I looked up at the dark cloud of a 6’4” asshole who was standing over me. Cade Black though, I couldn’t handle him right now. I wasn’t sure if I’d ever be able to handle him after what I’d learned today. “And I’m not sure I want to allow you into my business anymore, Cade. Not unless you can extend the same courtesy to me.” If he thought for one second I’d forgotten about how he’d withheld information from me, then he was dead wrong.
His jaw flexed. The only sign that my words had their desired effect. “Things aren’t as black and white as you want to paint them, pretty girl.” His voice rumbled as he crossed his arms and stared down at me, as if by the force of his glare he could get me to back down.
I held his glare. “Then paint me a different picture, Cade. Because from where I’m standing, there’s the world according to Cade, and then there’s the truth.” My fingers found my bedspread, and I bunched the fabric between my fists in an effort to center myself as the emotions threatened to spill over. “You hated me for years for a lie that I was forced to tell. Forced to perpetuate because I was just a kid who didn’t know any better. But you couldn’t even be honest with me about who my brother is.” I blinked up at him, my gaze tracing over the scar that marred his beautiful face and the shadow of a dark beard caressing his jaw. Scanning lower to the swirl of tattoos, with their mocking skulls and dancing shadows that peeked out beneath his thermal shirt. Continuing down to his balled-up fists, with fresh cuts and bruises across his knuckles. My eyes met his again. “You can’t even be honest about who you really are.”

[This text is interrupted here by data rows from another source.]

(* Let $f\in A[X]$ be monic with discriminant $\Delta=\mathrm{Res}_X(f,f')\neq 0$, $r=v(\Delta)$, and let $N>2r$ be an integer. Then the number of roots in $A/\pi^NA$ of the reduction $f_N$ of $f$ modulo $\pi^N$ is at most $q^{r+\lfloor r/2\rfloor+1}$.
   Context: $K$ is a field complete with respect to a non-archimedean discrete valuation $v$, normalized by $v(\pi)=1$ for a uniformizer $\pi$ of the valuation ring $A=\{x\in K: v(x)\geq 0\}$; the residue field $A/\pi A$ is finite with $q$ elements. *)

From HB Require Import structures.
From mathcomp Require Import all_boot all_order all_algebra.
Set Implicit Arguments. Unset Strict Implicit. Unset Printing Implicit Defensive.
Import Order.TTheory GRing.Theory Num.Theory.
Local Open Scope ring_scope.

(* A discrete valuation is encoded by v : K -> int on nonzero elements;
   the value v 0 is irrelevant (v(0) = +oo by convention), which is handled
   through the predicate [vge]. *)

Definition vge (K : fieldType) (v : K -> int) (x : K) (n : int) : Prop :=
  x = 0 \/ n <= v x.

Definition inA (K : fieldType) (v : K -> int) (x : K) : Prop := vge v x 0.

Definition is_normalized_dval (K : fieldType) (v : K -> int) (pi : K) : Prop :=
  [/\ (forall x y : K, x != 0 -> y != 0 -> v (x * y) = v x + v y),
      (forall x y : K, x != 0 -> y != 0 -> x + y != 0 ->
         Num.min (v x) (v y) <= v (x + y)),
      pi != 0 & v pi = 1].

Definition dval_complete (K : fieldType) (v : K -> int) : Prop :=
  forall u : nat -> K,
    (forall n : int, exists m : nat, forall i j : nat,
        (m <= i)%N -> (m <= j)%N -> vge v (u i - u j) n) ->
    exists l : K, forall n : int, exists m : nat, forall i : nat,
        (m <= i)%N -> vge v (u i - l) n.

(* The residue field A / pi A has exactly q elements: there is a complete
   system of q pairwise incongruent representatives in A. *)
Definition residue_card (K : fieldType) (v : K -> int) (q : nat) : Prop :=
  exists reps : seq K,
    [/\ size reps = q,
        (forall a, a \in reps -> inA v a),
        (forall i j : nat, (i < j < size reps)%N ->
            ~ vge v (nth 0 reps i - nth 0 reps j) 1) &
        (forall x : K, inA v x -> exists2 a, a \in reps & vge v (x - a) 1)].

(* A finite family s of elements of A representing pairwise distinct roots
   in A / pi^N A of f reduced mod pi^N. *)
Definition distinct_roots_mod (K : fieldType) (v : K -> int) (f : {poly K})
    (N : nat) (s : seq K) : Prop :=
  [/\ (forall x, x \in s -> inA v x),
      (forall x, x \in s -> vge v f.[x] N%:Z) &
      (forall i j : nat, (i < j < size s)%N ->
          ~ vge v (nth 0 s i - nth 0 s j) N%:Z)].

(* Write h = r/2 (rounded down).  Column operations on the Sylvester matrix
   show that for a root x of f mod pi^N one has
   v(Res(f, f')) >= min(N, 2 v(f'(x))); since r < N this gives v(f'(x)) <= h.
   By Taylor's formula, two roots congruent mod pi^(h+1) are then congruent
   mod pi^(N-h), so each residue class mod pi^(h+1) contains at most q^h roots
   (one per class mod pi^N), and there are at most q^(h+1) such classes.  The
   bound q^(2h+1) <= q^(r+h+1) follows. *)

From HB Require Import structures.
From mathcomp Require Import all_boot all_order all_algebra.
From mathcomp Require Import zify ring.
Set Implicit Arguments. Unset Strict Implicit. Unset Printing Implicit Defensive.
Import Order.TTheory GRing.Theory Num.Theory.
Local Open Scope ring_scope.

Section SetColumn.
Variables (R : comNzRingType) (n : nat).
Implicit Types (A : 'M[R]_n) (X c : 'I_n -> R).

Definition set_col A j X : 'M[R]_n :=
  \matrix_(i, k) if k == j then X i else A i k.

Lemma det_set_col A j X : \det (set_col A j X) = \sum_i X i * cofactor A i j.
Proof.
rewrite (expand_det_col _ j); apply: eq_bigr => i _; rewrite mxE eqxx.
congr (_ * (_ * \det _)); apply/matrixP => a b; rewrite !mxE.
by rewrite eq_sym (negPf (neq_lift _ _)).
Qed.

Lemma sum_mul_cofactor A j k :
  \sum_i A i k * cofactor A i j = (k == j)%:R * \det A.
Proof.
have := congr1 (fun M : 'M_n => M j k) (mul_adj_mx A).
rewrite !mxE mulr_natl eq_sym => <-.
by apply: eq_bigr => i _; rewrite mxE mulrC.
Qed.

Lemma det_set_col_comb A j c : c j = 1 ->
  \det (set_col A j (fun i => \sum_k A i k * c k)) = \det A.
Proof.
move=> cj1; rewrite det_set_col.
transitivity (\sum_k c k * \sum_i A i k * cofactor A i j).
  under eq_bigr do rewrite mulr_suml.
  rewrite exchange_big; apply: eq_bigr => k _; rewrite mulr_sumr.
  by apply: eq_bigr => i _; ring.
rewrite (bigD1 j) //= sum_mul_cofactor eqxx cj1 !mul1r big1 ?addr0 // => k kj.
by rewrite sum_mul_cofactor (negPf kj) mul0r mulr0.
Qed.

Lemma sum_set_col A j X c i : c j = 0 ->
  \sum_k set_col A j X i k * c k = \sum_k A i k * c k.
Proof.
by move=> cj0; apply: eq_bigr => k _; rewrite mxE; case: eqP => // ->; rewrite cj0 !mulr0.
Qed.

End SetColumn.

Lemma horner_deriv_coef_wide (R : comNzRingType) n (p : {poly R}) x :
  (size p <= n)%N -> p^`().[x] = \sum_(j < n) p`_j * (x ^+ j.-1 *+ j).
Proof.
case: n => [|n] h.
  by move: h; rewrite leqn0 size_poly_eq0 => /eqP ->; rewrite big_ord0 deriv0 horner0.
have hd : (size p^`() <= n)%N.
  case: (eqVneq p 0) => [->|p0]; first by rewrite deriv0 size_poly0.
  by rewrite -ltnS (leq_trans (lt_size_deriv p0) h).
rewrite (horner_coef_wide _ hd) big_ord_recl /= mulr0n mulr0 add0r.
by apply: eq_bigr => i _; rewrite coef_deriv mulrnAr mulrnAl.
Qed.

(* The column operations C_i0 += sum_k x^k C_k and C_i1 += sum_k k x^(k-1) C_k. *)
Lemma det_coef_mx_jet (R : comNzRingType) n (S : 'M[R]_n)
    (P : 'I_n -> {poly R}) x (i0 i1 : 'I_n) :
  i0 = 0%N :> nat -> i1 = 1%N :> nat ->
  (forall i j, S i j = (P i)`_j) -> (forall i, size (P i) <= n)%N ->
  \det S = \det (set_col (set_col S i0 (fun i => (P i).[x]))
                         i1 (fun i => (P i)^`().[x])).
Proof.
move=> e0 e1 hS hP.
rewrite -[LHS](@det_set_col_comb _ _ S i0 (fun k => x ^+ k)); last by rewrite e0.
rewrite -[LHS](@det_set_col_comb _ _ _ i1 (fun k => x ^+ k.-1 *+ k)); last first.
  by rewrite e1 mulr1n.
congr (\det _); apply/matrixP => i k; rewrite !mxE.
case: eqP => _; last case: eqP => // _.
  rewrite sum_set_col ?e0 ?mulr0n // (horner_deriv_coef_wide _ (hP i)).
  by apply: eq_bigr => j _; rewrite hS.
by rewrite (horner_coef_wide _ (hP i)); apply: eq_bigr => j _; rewrite hS.
Qed.

Lemma size_le_sum_count (T : eqType) (S : Type) (P : S -> pred T)
    (reps : seq S) (s : seq T) :
  {in s, forall y, has (P ^~ y) reps} ->
  (size s <= \sum_(a <- reps) count (P a) s)%N.
Proof.
elim: s => [|y s IH] hs //=; rewrite big_split /=.
have -> : \sum_(a <- reps) (P a y : nat) = count (P ^~ y) reps.
  by rewrite -sumn_count sumnE big_map.
rewrite -add1n leq_add // ?IH -?has_count ?hs ?mem_head // => z zs.
by apply: hs; rewrite inE zs orbT.
Qed.

Section Valuation.
Variables (K : fieldType) (v : K -> int) (pi : K).
Hypothesis hv : is_normalized_dval v pi.

Lemma vge_le x (k l : int) : l <= k -> vge v x k -> vge v x l.
Proof. by move=> lk [->|h]; [left|right; apply: le_trans h]. Qed.

Lemma vge0 k : vge v 0 k.
Proof. by left. Qed.

Lemma vge_val x : x != 0 -> vge v x (v x).
Proof. by right. Qed.

Lemma dval1 : v 1 = 0.
Proof.
case: hv => hm _ _ _; have := hm 1 1 (oner_neq0 _) (oner_neq0 _).
by rewrite mulr1 => h; lia.
Qed.

Lemma dvalN x : x != 0 -> v (- x) = v x.
Proof.
move=> x0; case: hv => hm _ _ _.
have n1 : (-1 : K) != 0 by rewrite oppr_eq0 oner_neq0.
have := hm _ _ n1 n1; rewrite mulrNN mulr1 dval1 => h.
by have := hm _ _ n1 x0; rewrite mulN1r => ->; lia.
Qed.

Lemma vgeN x k : vge v x k -> vge v (- x) k.
Proof.
case: (eqVneq x 0) => [->|x0]; first by rewrite oppr0.
by case=> [/eqP|h]; [rewrite (negPf x0) | right; rewrite dvalN].
Qed.

Lemma vgeD x y k : vge v x k -> vge v y k -> vge v (x + y) k.
Proof.
case=> [->|hx]; first by rewrite add0r.
case=> [->|hy]; first by rewrite addr0; right.
case: (eqVneq x 0) => [->|x0]; first by rewrite add0r; right.
case: (eqVneq y 0) => [->|y0]; first by rewrite addr0; right.
case: (eqVneq (x + y) 0) => [->|s0]; first by left.
right; case: hv => _ hu _ _; apply: le_trans (hu _ _ x0 y0 s0).
by rewrite le_min hx hy.
Qed.

Lemma vgeB x y k : vge v x k -> vge v y k -> vge v (x - y) k.
Proof. by move=> hx /vgeN; apply: vgeD. Qed.

Lemma vgeM x y k l : vge v x k -> vge v y l -> vge v (x * y) (k + l).
Proof.
case=> [->|hx]; first by rewrite mul0r; left.
case=> [->|hy]; first by rewrite mulr0; left.
case: (eqVneq x 0) => [->|x0]; first by rewrite mul0r; left.
case: (eqVneq y 0) => [->|y0]; first by rewrite mulr0; left.
by right; case: hv => hm _ _ _; rewrite hm // lerD.
Qed.

Lemma vgeMl x y k : inA v x -> vge v y k -> vge v (x * y) k.
Proof. by move=> hx /(vgeM hx); rewrite add0r. Qed.

Lemma vgeMr x y k : vge v x k -> inA v y -> vge v (x * y) k.
Proof. by move=> hx /(vgeM hx); rewrite addr0. Qed.

Lemma vge_sum (I : Type) (r : seq I) (P : pred I) (F : I -> K) k :
  (forall i, P i -> vge v (F i) k) -> vge v (\sum_(i <- r | P i) F i) k.
Proof. by move=> h; elim/big_rec: _ => [|i x /h]; [left | apply: vgeD]. Qed.

Lemma vgeMn x n k : vge v x k -> vge v (x *+ n) k.
Proof.
by move=> hx; elim: n => [|n]; [left; rewrite mulr0n | rewrite mulrS; apply: vgeD].
Qed.

Lemma inA1 : inA v 1.
Proof. by right; rewrite dval1. Qed.

Lemma inA_prod (I : Type) (r : seq I) (P : pred I) (F : I -> K) :
  (forall i, P i -> inA v (F i)) -> inA v (\prod_(i <- r | P i) F i).
Proof. by move=> h; elim/big_rec: _ => [|i x /h]; [exact: inA1 | apply: vgeMl]. Qed.

Lemma inAX x n : inA v x -> inA v (x ^+ n).
Proof.
move=> hx; elim: n => [|n]; first by rewrite expr0; apply: inA1.
by rewrite exprS; apply: vgeMl.
Qed.

Lemma dval_piX m : pi ^+ m != 0 /\ v (pi ^+ m) = m%:Z.
Proof.
case: (hv) => hm _ p0 vp; elim: m => [|m [IH1 IH2]].
  by rewrite expr0 oner_neq0 dval1.
by rewrite exprS mulf_neq0 // hm // vp IH2; split => //; lia.
Qed.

I could almost hear his teeth grinding as his jaw flexed again.
“I told you, my relationship with Kage is complicated.”
“Then uncomplicate it.”
“Juniper—,” There was a warning edge to his voice, but I was past the point of heeding any warning signs.
“I think we’re done here, Cade.” I set my water glass back on my bedside table. “Thank you for taking me to meet my brother. And thank you for helping me with Dean.” The words were coming, but they felt like razor blades on my tongue. “But I don’t think that we should continue…” I waved my hand at the space between us. “...this, whatever this is, anymore.” I couldn’t do it. I couldn’t continue with a relationship built on lies and half-truths, no matter what excuse or validation there was for them.
He grabbed my hand, his grip vice-like and in the next instant, I was on my feet and pulled to his chest. “You don’t get to do that, Juniper.' His face was inches from mine, our noses nearly touching as he growled the words making things twist and tighten low in my belly. “You don’t get to waltz back into my life, flip my world upside down, then tell me how to paint you a fucking picture.”
“Paint it, color it, use a fucking pencil for all I care.” I held his stare. “But tell me the truth about something, Cade. How’d you really get those cuts and bruises on your knuckles?” He didn’t want to talk about Kage? Fine. I wasn’t entirely sure I wanted to discuss him yet, either. Whatever their history was, I’d find out in good time, but I’d had enough history lessons for one day.
His eyes went hard and he dropped my hand, stepping away from me as if it suddenly hurt to be standing so close. “I told you. You don’t get to tell me how to paint a fucking picture, Juniper Wild.”
Something shifted in the air, as if an invisible wall had been slammed down between us. Or maybe we’d just finally run into it and it had been there all along, waiting for this moment.
“Then I guess everything about me isn’t your business after all, is it Cade Black?”
Silence hung in the air like a guillotine for half a heartbeat and then, without a word, he turned on his heel and walked out, shutting the door firmly behind him.
For the second time in my life, Cade Black once again broke my heart.